Azaka Mede (also known by various names such as: Kouzin, Couzen, Azake, Mazaka, Mede, Papa Zaka, Zaca, Papa Zaca, Cousin Zaca, etc.) is the loa of the harvest in Haitian Vodou mythology. 

He evolved after the Haitian Revolution when slaves were able to own land. Depicted as a country bumpkin who loves to eat, he is kind and gentle and he has no alternate sinister (petro) form.  He is seen as a protector of peasants and defender of the poor, and is identified with Saint Isadore. He is celebrated and affiliated with Labor Day in Haiti (May 1).

The name Azaka may have come from the language of the Indigenous Taino people, in which "zada" meant corn, and "maza" meant maize.
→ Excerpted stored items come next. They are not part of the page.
(* Let $M=P+\varepsilon D\in\mathbb{DH}[t]$ be monic with $\operatorname{mrpf}(P)=1$, and suppose $M$ admits a factorization $M=(t-h_1)\cdots(t-h_k)$ with $h_i\in\mathbb{DH}$. Write $P\overline{P}=\prod_{i=1}^m N_i^{n_i}$ with pairwise coprime irreducible monic $N_i\in\mathbb{R}[t]$. Then for every $x_0\in\mathbb{R}$ and every $x=x_1\mathbf{i}+x_2\mathbf{j}+x_3\mathbf{k}$ with $x_1,x_2,x_3\in\mathbb{R}$, setting $X=Px\overline{P}+x_0(P\overline{D}-D\overline{P})\in\mathbb{H}[t]$, for every $i$ with $n_i>1$ the polynomial $N_i^{n_i}$ divides the real polynomial $X\overline{X}$. (Geometrically: every intersection point of multiplicity $\mu>1$ of a trajectory $t\mapsto x_0P\overline{P}+\varepsilon X$ of the motion parametrized by $M$ with the plane at infinity lies on the absolute circle with multiplicity $\mu$.)
   Context: $\mathbb{D}=\mathbb{R}[\varepsilon]/\langle\varepsilon^2\rangle$ denotes the dual numbers. $\mathbb{H}$ denotes the real quaternions with basis $1,\mathbf{i},\mathbf{j},\mathbf{k}$, $\mathbf{i}^2=\mathbf{j}^2=\mathbf{k}^2=\mathbf{i}\mathbf{j}\mathbf{k}=-1$. The dual quaternions $\mathbb{DH}$ are $\mathbb{H}\otimes_{\mathbb{R}}\mathbb{D}$ ($\varepsilon$ central). Conjugation: $\overline{q_0+q_1\mathbf{i}+q_2\mathbf{j}+q_3\mathbf{k}}=q_0-q_1\mathbf{i}-q_2\mathbf{j}-q_3\mathbf{k}$; for polynomials $\overline{\sum m_it^i}=\sum\overline{m_i}t^i$, and $Q\overline{Q}$ is real-valued for $Q\in\mathbb{H}[t]$. $\mathbb{DH}[t]$ is the polynomial ring with $t$ commuting with all coefficients; $M=P+\varepsilon D$ with $P,D\in\mathbb{H}[t]$ is the decomposition into primal and dual part. $\operatorname{mrpf}(P)=1$ means $P$ has no factor $c\in\mathbb{R}[t]$ of positive degree. The trajectory of the point $x_0+\varepsilon x$ of projective 3-space under $M$ is $(P-\varepsilon D)(x_0+\varepsilon x)(\overline{P}+\varepsilon\overline{D})=x_0P\overline{P}+\varepsilon X$; its points at infinity correspond to zeros of $x_0P\overline{P}$, and the absolute circle is given by $x_0=0$, $\overline{X}X=0$. *)

From HB Require Import structures.
From mathcomp Require Import all_boot all_order all_algebra.
Set Implicit Arguments. Unset Strict Implicit. Unset Printing Implicit Defensive.
Import Order.TTheory GRing.Theory Num.Theory.
Local Open Scope ring_scope.

(* With A = R we get H; with A = {poly R} we get
   H[t] = H (x)_R R[t] (t central), the coefficients of t^n being the
   quaternions formed by the n-th coefficients of the four components. *)
Record quat (A : Type) := Quat { q0 : A; q1 : A; q2 : A; q3 : A }.
Arguments Quat {A}.

Section QuatOps.
Variable A : comNzRingType.
Implicit Types a b : quat A.

Definition qadd a b := Quat (q0 a + q0 b) (q1 a + q1 b) (q2 a + q2 b) (q3 a + q3 b).
Definition qopp a := Quat (- q0 a) (- q1 a) (- q2 a) (- q3 a).
Definition qsub a b := qadd a (qopp b).
(* Hamilton product: i^2 = j^2 = k^2 = ijk = -1 *)
Definition qmul a b := Quat
  (q0 a * q0 b - q1 a * q1 b - q2 a * q2 b - q3 a * q3 b)
  (q0 a * q1 b + q1 a * q0 b + q2 a * q3 b - q3 a * q2 b)
  (q0 a * q2 b - q1 a * q3 b + q2 a * q0 b + q3 a * q1 b)
  (q0 a * q3 b + q1 a * q2 b - q2 a * q1 b + q3 a * q0 b).
Definition qconj a := Quat (q0 a) (- q1 a) (- q2 a) (- q3 a).
Definition qscale (c : A) a := Quat (c * q0 a) (c * q1 a) (c * q2 a) (c * q3 a).
Definition qzero : quat A := Quat 0 0 0 0.
Definition qone : quat A := Quat 1 0 0 0.
End QuatOps.

Definition qmap (A B : Type) (f : A -> B) (a : quat A) :=
  Quat (f (q0 a)) (f (q1 a)) (f (q2 a)) (f (q3 a)).

(* Dual numbers over quaternions: prim + eps * dual, eps^2 = 0, eps central. *)
Record dquat (A : Type) := DQ { prim : quat A; dual : quat A }.
Arguments DQ {A}.

Section DQuatOps.
Variable A : comNzRingType.
Definition dqmul (m n : dquat A) : dquat A :=
  DQ (qmul (prim m) (prim n))
     (qadd (qmul (prim m) (dual n)) (qmul (dual m) (prim n))).
Definition dqone : dquat A := DQ (qone A) (qzero A).
End DQuatOps.

Section Poly.
Variable R : rcfType.

Notation qpoly := (quat {poly R}).

Definition qpolyC (h : quat R) : qpoly := qmap (fun c => c%:P) h.

Definition lin_factor (h : dquat R) : dquat {poly R} :=
  DQ (qsub (Quat 'X 0 0 0) (qpolyC (prim h))) (qopp (qpolyC (dual h))).

Definition lin_prod (hs : seq (dquat R)) : dquat {poly R} :=
  foldr (fun h acc => dqmul (lin_factor h) acc) (dqone _) hs.

(* M = P + eps D monic: the leading coefficient (in DH) is 1, i.e. P has
   leading coefficient 1 (real part monic, other parts of lower degree)
   and D has lower degree than P. *)
Definition dq_monic (M : dquat {poly R}) : Prop :=
  let P := prim M in let D := dual M in
  [/\ q0 P \is monic,
      [/\ (size (q1 P) < size (q0 P))%N, (size (q2 P) < size (q0 P))%N
        & (size (q3 P) < size (q0 P))%N]
    & [/\ (size (q0 D) < size (q0 P))%N, (size (q1 D) < size (q0 P))%N,
          (size (q2 D) < size (q0 P))%N & (size (q3 D) < size (q0 P))%N]].

(* mrpf(P) = 1 : P has no real polynomial factor of positive degree *)
Definition mrpf_one (P : qpoly) : Prop :=
  ~ exists c : {poly R}, (1 < size c)%N /\ exists Q : qpoly, P = qscale c Q.

(* Q * conj Q is real; this is its (only possibly nonzero) real part *)
Definition qnormp (Q : qpoly) : {poly R} := q0 (qmul Q (qconj Q)).

Definition traj_X (P D : qpoly) (x0 x1 x2 x3 : R) : qpoly :=
  qadd (qmul (qmul P (qpolyC (Quat 0 x1 x2 x3))) (qconj P))
       (qscale (x0%:P) (qsub (qmul P (qconj D)) (qmul D (qconj P)))).
End Poly.

From HB Require Import structures.
From mathcomp Require Import all_boot all_order all_algebra.
From mathcomp Require Import ring zify.
Import Order.TTheory GRing.Theory Num.Theory.
Local Open Scope ring_scope.

(* For a quaternion polynomial Q write |Q| := Q * conj Q (a
   real polynomial) and, for M = P + eps D, write S(M) := P Dbar + D Pbar
   (the real polynomial whose vanishing is the Study condition).
   1. |.| is multiplicative and S obeys a Leibniz rule
      S(M1 M2) = S(M1) |P2| + |P1| S(M2)            (quaternion algebra).
   2. A direct computation gives |X| = |P| * K - x0^2 * S(M)^2 for some K.
   3. Each linear factor t - h has a norm of degree 2.  Hence, by induction
      on the number of factors and the Leibniz rule, an irreducible N of
      degree at least 2 with N^(e+1) | |P| satisfies N^e | S(M).
   4. mrpf(P) = 1 forbids real roots of |P| (a real root of a sum of four
      squares is a common root of the four components of P), so every
      monic irreducible factor N_i of |P| has degree at least 2.
   With n_i > 1, steps 3 and 2 give N_i^n_i | |P| K and
   N_i^(2 (n_i - 1)) | S(M)^2 with 2 (n_i - 1) >= n_i, hence N_i^n_i | |X|. *)

Definition qnorm {A : comNzRingType} (a : quat A) : A := q0 (qmul a (qconj a)).

Definition study {A : comNzRingType} (m : dquat A) : A :=
  q0 (qadd (qmul (prim m) (qconj (dual m))) (qmul (dual m) (qconj (prim m)))).

Section QuaternionIdentities.
Variable A : comNzRingType.
Implicit Types a b x P D : quat A.

Lemma qnorm_mul a b : qnorm (qmul a b) = qnorm a * qnorm b.
Proof. by case: a => ????; case: b => ????; rewrite /qnorm /=; ring. Qed.

Lemma study_mul (m1 m2 : dquat A) :
  study (dqmul m1 m2) =
  study m1 * qnorm (prim m2) + qnorm (prim m1) * study m2.
Proof.
case: m1 => [[????] [????]]; case: m2 => [[????] [????]].
by rewrite /study /qnorm /=; ring.
Qed.

Lemma study_one : study (dqone A) = 0.
Proof. by rewrite /study /=; ring. Qed.

Lemma qnorm_Quat (a0 a1 a2 a3 : A) :
  qnorm (Quat a0 a1 a2 a3) = a0 * a0 + a1 * a1 + a2 * a2 + a3 * a3.
Proof. by rewrite /qnorm /=; ring. Qed.

Lemma qnorm_trajectory (m : dquat A) x (x0 : A) : q0 x = 0 ->
  let P := prim m in let D := dual m in
  qnorm (qadd (qmul (qmul P x) (qconj P))
              (qscale x0 (qsub (qmul P (qconj D)) (qmul D (qconj P))))) =
  qnorm P * (qnorm P * qnorm x
             + 2 * x0 * (q0 (qmul (qmul x (qconj P)) D)
                         - q0 (qmul (qmul P x) (qconj D)))
             + 4 * x0 * x0 * qnorm D)
  - x0 * x0 * study m ^+ 2.
Proof.
case: m => [[????] [????]]; case: x => ? ???/= ->.
by rewrite /study /qnorm /=; ring.
Qed.

End QuaternionIdentities.

Lemma sqr_sum4_eq0 (R : realDomainType) (a b c d : R) :
  a * a + b * b + c * c + d * d = 0 -> [/\ a = 0, b = 0, c = 0 & d = 0].
Proof.
have sq_ge0 (y : R) : 0 <= y * y by rewrite -expr2 sqr_ge0.
move=> /eqP; rewrite !paddr_eq0 ?addr_ge0 // -!expr2 !sqrf_eq0.
by case/andP=> /andP[/andP[/eqP-> /eqP->] /eqP->] /eqP->.
Qed.

Section PolynomialDivisibility.
Variable R : idomainType.
Implicit Types N c s G S q : {poly R}.

Lemma irreducible_dvd_or_coprime N q :
  irreducible_poly N -> N %| q \/ coprimep N q.
Proof.
move=> irrN; have [g1|gN] := irredp_XsubCP irrN (dvdp_gcdl N q).
  by right; rewrite coprimep_def size_poly_eq1.
by left; rewrite -(eqp_dvdl _ gN) dvdp_gcdr.
Qed.

(* The inductive step behind the Leibniz rule: multiplying by a factor c of
   degree at most deg N preserves "N^(e+1) | norm implies N^e | Study". *)
Lemma leibniz_dvd_step N c s G S :
  irreducible_poly N -> c != 0 -> (size c <= size N)%N ->
  (forall e, N ^+ e.+1 %| G -> N ^+ e %| S) ->
  forall e, N ^+ e.+1 %| c * G -> N ^+ e %| s * G + c * S.
Proof.
move=> irrN c0 cN GS e.
have N0 : N != 0 := irredp_neq0 irrN.
have [Nc|copNc] := irreducible_dvd_or_coprime N c irrN.
- have eqNc : N %= c.
    by rewrite -dvdp_size_eqp // eqn_leq cN dvdp_leq.
  rewrite -(eqp_dvdr _ (eqp_mulr G eqNc)) exprSr [N * G]mulrC.
  rewrite dvdp_mul2r // => NeG.
  apply: dvdp_add; first exact: dvdp_mull.
  case: e NeG => [|e] NeG; first by rewrite expr0 dvd1p.
  by rewrite exprS; apply: dvdp_mul Nc (GS _ NeG).
- rewrite Gauss_dvdpr ?coprimep_expl // => NeG.
  apply: dvdp_add; apply: dvdp_mull; last exact: GS.
  by apply: dvdp_trans NeG; rewrite dvdp_exp2l.
Qed.

End PolynomialDivisibility.

Section LinearFactors.
Variable R : rcfType.

Lemma qnormpE (P : quat {poly R}) : qnormp P = qnorm P.
Proof. by []. Qed.

(* |t - h| = (t - h0)^2 + h1^2 + h2^2 + h3^2 has degree exactly 2. *)
Lemma size_qnorm_lin_factor (h : dquat R) :
  size (qnorm (prim (lin_factor h))) = 3%N.
Proof.
case: h => [[a b c d] hd].
have -> : qnorm (prim (lin_factor (DQ (Quat a b c d) hd))) =
          ('X - a%:P) ^+ 2 + (b ^+ 2 + c ^+ 2 + d ^+ 2)%:P.
  by rewrite /qnorm /lin_factor /qpolyC /qmap /= !polyCD !polyC_exp; ring.
by rewrite size_polyDl size_exp_XsubC // (leq_ltn_trans (size_polyC_leq1 _)).
Qed.

Lemma lin_prod_study_dvd (N : {poly R}) (hs : seq (dquat R)) :
  irreducible_poly N -> (2 < size N)%N ->
  forall e, N ^+ e.+1 %| qnorm (prim (lin_prod hs)) ->
            N ^+ e %| study (lin_prod hs).
Proof.
move=> irrN sN; elim: hs => [|h hs IH] e /=.
  by rewrite study_one dvdp0.
rewrite qnorm_mul study_mul; apply: leibniz_dvd_step => //.
  by rewrite -size_poly_gt0 size_qnorm_lin_factor.
by rewrite size_qnorm_lin_factor.
Qed.

Lemma mrpf_qnorm_no_root (P : quat {poly R}) (r : R) :
  mrpf_one P -> ~~ root (qnormp P) r.
Proof.
case: P => a b c d mrP; apply/negP.
rewrite qnormpE qnorm_Quat rootE !hornerE => /eqP /sqr_sum4_eq0[].
move=> /eqP ha /eqP hb /eqP hc /eqP hd.
move: ha hb hc hd; rewrite -!/(root _ _) !root_factor_theorem.
move=> /dvdpP[qa ea] /dvdpP[qb eb] /dvdpP[qc ec] /dvdpP[qd ed].
apply: mrP; exists ('X - r%:P); split; first by rewrite size_XsubC.
by exists (Quat qa qb qc qd); rewrite /qscale ea eb ec ed !(mulrC ('X - r%:P)).
Qed.

Lemma mrpf_qnorm_factor_size (P : quat {poly R}) (N : {poly R}) :
  mrpf_one P -> N \is monic -> irreducible_poly N -> N %| qnormp P ->
  (2 < size N)%N.
Proof.
move=> mrP monN irrN NP; rewrite ltn_neqAle irrN.1 andbT.
apply/eqP => /esym sN2; case/negP: (mrpf_qnorm_no_root P (- N`_0) mrP).
have N1 : N`_1 = 1 by move: (monicP monN); rewrite /lead_coef sN2.
have NN0 : root N (- N`_0).
  by rewrite rootE horner_coef sN2 !big_ord_recl big_ord0 /= N1; apply/eqP; ring.
by case/dvdpP: NP => q ->; rewrite rootM NN0 orbT.
Qed.

End LinearFactors.

Theorem theorem2 (R : rcfType) (M : dquat {poly R}) (hs : seq (dquat R))
  (m : nat) (N : 'I_m -> {poly R}) (n : 'I_m -> nat) :
  dq_monic M ->
  mrpf_one (prim M) ->
  M = lin_prod hs ->
  (forall i, N i \is monic) ->
  (forall i, irreducible_poly (N i)) ->
  (forall i j, i != j -> coprimep (N i) (N j)) ->
  qnormp (prim M) = \prod_(i < m) N i ^+ n i ->
  forall (x0 x1 x2 x3 : R) (i : 'I_m), (1 < n i)%N ->
    N i ^+ n i %| qnormp (traj_X (prim M) (dual M) x0 x1 x2 x3).
Proof.
move=> _ mrP defM monN irrN _ normP x0 x1 x2 x3 i n_gt1.
have NP : N i ^+ n i %| qnormp (prim M).
  by rewrite normP (bigD1 i) //= dvdp_mulr.
have sN : (2 < size (N i))%N.
  apply: mrpf_qnorm_factor_size mrP (monN i) (irrN i) _.
  by apply: dvdp_trans NP; rewrite -{1}(expr1 (N i)) dvdp_exp2l 1?ltnW.
have NS : N i ^+ (n i).-1 %| study M.
  rewrite defM; apply: lin_prod_study_dvd => //.
  by rewrite prednK ?(ltnW n_gt1) // -defM.
(* |X| = |P| K - x0^2 S(M)^2 and n_i <= 2 (n_i - 1). *)
rewrite qnormpE qnorm_trajectory /=; last by rewrite polyC0.
apply: dvdp_sub; first exact: dvdp_mulr.
apply: dvdp_mull; apply: dvdp_trans (dvdp_exp2r 2 NS).
by rewrite -exprM dvdp_exp2l //; move: n_gt1; lia.
Qed.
Azaka Medeh belongs to the same family of spirits as Azaka-Tonnerre, loa of thunder.

Asaka is the loose female interpretation of him as mother of the earth in the Broadway musical Once on This Island.

Azaka and the relation to Sakpata, the deity of the earth 
In recent years, there has been a growing movement among practitioners of Vodou in the diaspora to travel to the Benin Republic to reconnect with their roots and learn from Vodou practitioners there. One area of particular interest has been the vodou Azaka, a deity associated with agriculture and fertility.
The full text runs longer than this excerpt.